This describes all the lines in the message from a line beginning with 'From: ' to the first blank line. The regular expression syntax used here is that of the Unix stream editor, sed, which brings up an important point. One of the main motifs in Friedl's book is, that while the theory of regular expression engines divides them neatly into two classes, "Non-Deterministic Finite Automata" or NFAs and "Deterministic Finite Automata" or DFAs, in practice every implementation goes its own way, and syntax often varies, more or less. In our example, the /.../,/.../ is peculiar to sed and friends, and would not work with, for instance, the regexp engine in awk.

As I have said, there are two types of regexp engine, NFA and DFA; and umpteen different implementations. In fact, just to make matters more "interesting", the NFA type is further divided into traditional and POSIX-compliant flavours. Friedl puts order into this confusion, explaining in great detail how the two types differ, giving the advantages and disadvantages of each. The book gives lots of practical information on the subtle differences between regexp engines of either type. Surely we must all have spent five minutes, or ten minutes, or a quarter of an hour, struggling in vain to use a regexp character in sed that was only valid in egrep or awk? I know I have! Friedl's book certainly throws a lot of light on these niggling little differences. It would be nice if the current mix of tools could converge to an agreed standard on regexp syntax; but then, the differences in part at least reflect real differences between the power and scope of the two types of regexp engine.

The book would be worth buying for its extended treatment of perl regexps alone. Over one hundred pages are devoted to the perl-specific chapter, and there is no padding there. Reading "Mastering Regular Expressions" has made me much more aware that one of the strengths of perl is its comprehensive support for regexps, and added to my frustration with the "all slightly different" regexp flavours in awk, sed, grep, egrep etc.

As a finale, the final version of the solution to a problem that has been tackled with increasing sophistication in several parts of the book, that of expressing in full generality the RFC822 syntax for an e-mail message, is presented.
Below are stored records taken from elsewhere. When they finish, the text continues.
(* Fix $\beta>0$, $k\in\mathbb{N}$ and $0<t_0<t<\infty$. Let $(C_n)_{n\ge1}$ be the solution on $[t_0,t]$ of $$C_1\equiv1,\qquad \dot C_n=\frac{k+1}{k}(n-1)B\,C_n+\frac{n\Gamma}{2}\sum_{j=1}^{n-1}C_jC_{n-j}\quad(2\le n\le k),$$ $$\dot C_n=nB\,C_n+\frac{n\Gamma}{2}\sum_{j=1}^{n-1}C_jC_{n-j}\quad(n>k),\qquad C_n(t_0)=0\ (n\ge2)$$ (these are the coefficient equations of $\Theta_t=\Gamma(z^2\Theta^2)_z+B((z\Theta)_z-L_k)$, $\Theta(t_0,\cdot)=1$, with Lagrange multiplier $L_k=1+\sum_{j=1}^{k-1}(1-j/k)C_{j+1}z^j$), and set $\Theta(t,z)=\sum_{n\ge1}C_n(t)z^{n-1}$. Let $$\tau_k(t_0,t)=\int_{t_0}^t\Gamma(s)\exp\!\Big(\frac{k+1}{k}\int_s^tB(s')\,ds'\Big)ds .$$ Then for every $z\ge0$ with $e\,z\,\tau_k(t_0,t)<1$ the series converges and $$\Theta(t,z)\le\frac{-1}{\tau_k(t_0,t)\,z}\,W\!\left(-\tau_k(t_0,t)\,z\right).$$
   Context: $g(s)=-\frac{s}{4\pi}\int_s^\infty K_0'''(r)\frac{r}{\sqrt{r^2-s^2}}dr$ for $s>0$ (a positive function), $K_0$ the modified Bessel function of the second kind of order $0$. $\Gamma(t)=\frac{\beta\pi}{4}t^2g(t)$ and $B(t)=\frac{\beta}{2}g(t)$. $W$ is the principal branch of the Lambert $W$ function, with $-W(-x)/x=\sum_{n\ge1}\frac{n^{n-1}}{n!}x^{n-1}$ for $0\le x\le1/e$ (value $1$ at $x=0$). *)

From Stdlib Require Import Reals Lra.
Open Scope R_scope.

Definition RInt_is (f : R -> R) (a b v : R) : Prop :=
  exists pr : Riemann_integrable f a b, RiemannInt pr = v.

Definition improper_int_a_oo (f : R -> R) (a l : R) : Prop :=
  forall eps, 0 < eps -> exists M, forall b, M < b ->
    exists pr : Riemann_integrable f a b, Rabs (RiemannInt pr - l) < eps.

Definition improper_int_oa_oo (f : R -> R) (a l : R) : Prop :=
  forall eps, 0 < eps -> exists delta, 0 < delta /\ exists M, forall u b,
    a < u < a + delta -> M < b ->
    exists pr : Riemann_integrable f u b, Rabs (RiemannInt pr - l) < eps.

(* K_0, modified Bessel function of the second kind of order 0, on r > 0,
   via its standard integral representation K_0(r) = int_0^oo e^{-r cosh u} du. *)
Definition is_BesselK0 (K0 : R -> R) : Prop :=
  forall r, 0 < r -> improper_int_a_oo (fun u => exp (- r * cosh u)) 0 (K0 r).

(* g(s) = -(s/(4 pi)) int_s^oo K_0'''(r) r / sqrt(r^2 - s^2) dr, s > 0,
   where K3 is the third derivative of K_0. *)
Definition is_g (K3 g : R -> R) : Prop :=
  forall s, 0 < s -> exists I,
    improper_int_oa_oo (fun r => K3 r * r / sqrt (r ^ 2 - s ^ 2)) s I /\
    g s = - (s / (4 * PI)) * I.

(* Principal branch of Lambert W: w = W(x) iff w >= -1 and w e^w = x. *)
Definition is_LambertW0 (x w : R) : Prop := -1 <= w /\ w * exp w = x.

(* coefficient of B in the equation for C_n *)
Definition lin_coef (k n : nat) : R :=
  if (n <=? k)%nat then (INR k + 1) / INR k * (INR n - 1) else INR n.

(* Proof outline.
   1. g > 0. The integral representation of K0 bounds its third differences
      by -c h^3 (c > 0 uniform on bounded sets); second differences being
      h^2 K0''(xi), K0'' decreases at a definite rate, so K0''' < 0 and the
      integral defining g is negative.
   2. With B = beta g / 2, Gamma = (pi/2) s^2 B and kappa = (k+1)/k, the
      coefficient C_2 solves C_2' = kappa B C_2 + Gamma, C_2(t0) = 0; variation
      of constants gives C_2(t) = tau_k(t0,t) > 0.
   3. Since the linear coefficients satisfy 0 <= lin_coef k n <= kappa (n-1),
      the comparison principle gives 0 <= C_n <= b_n C_2^(n-1), where the tree
      coefficients b_n obey (n-1) b_n = (n/2) sum_j b_j b_(n-j).
   4. The partial sums T_K(x) of sum_m b_(m+1) x^m satisfy
      T_K(x) exp(-x T_K(x)) <= 1, whence x T_K(x) <= -W(-x) for e x < 1.
   Steps 3 and 4 bound the partial sums of Theta, which proves the theorem. *)

From Stdlib Require Import Reals Lra Lia Classical ClassicalEpsilon ZArith Wf_nat.
From Coquelicot Require Import Coquelicot.
Open Scope R_scope.

(** * Calculus toolkit *)

(** Fundamental theorem of calculus for a derivative that is merely
    integrable: the Riemann sums built on mean-value points telescope. *)

Lemma sorted_last_ge (x0 : R) (l : list R) :
  sorted Rle (x0 :: l) -> x0 <= seq.last x0 l.
Proof.
  revert x0; induction l as [|y l IH]; intros x0 H; simpl; [lra|].
  destruct H as [H1 H2]. specialize (IH y H2). simpl in IH. lra.
Qed.

Lemma riemann_sum_telescope (F f : R -> R) a b (tag : R -> R -> R) :
  (forall x y, a <= x -> x <= y -> y <= b -> F y - F x = f (tag x y) * (y - x)) ->
  forall l x0, sorted Rle (x0 :: l) -> a <= x0 -> seq.last x0 l <= b ->
  Riemann_sum f (SF_seq_f2 tag (x0 :: l)) = F (seq.last x0 l) - F x0.
Proof.
  intros Hid l; induction l as [|y l IH]; intros x0 Hs Ha Hb.
  - unfold Riemann_sum. simpl. change (@zero R_ModuleSpace) with 0. lra.
  - rewrite SF_cons_f2; [|simpl; lia].
    rewrite Riemann_sum_cons. simpl in Hb. destruct Hs as [Hxy Hs].
    pose proof (sorted_last_ge y l Hs) as Hy.
    rewrite (IH y Hs); [|lra|exact Hb].
    simpl. change (plus ?a ?b) with (a + b). change (scal ?a ?b) with (a * b).
    specialize (Hid x0 y Ha Hxy ltac:(lra)). simpl in *. lra.
Qed.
I would like to give it here, but even the bare-bones version is 6,578 bytes long — rather more than this review!

So has this masterpiece any flaws at all? Well, the over-use of motor-car engine analogies quickly becomes irritating, and I found it an obstacle, not an aid, to following the argument. Surely I am not the only one to whom the innards of engines are even more obscure than the arcane details of regular expression parsing? Other than that, well, to paraphrase the little girl in the story, I might say that this book told me more about regular expressions than I wanted to know! It's a good line, but in truth barely a line of the book is redundant; it might indeed have told me more than I NEED to know, but there is no harm in that.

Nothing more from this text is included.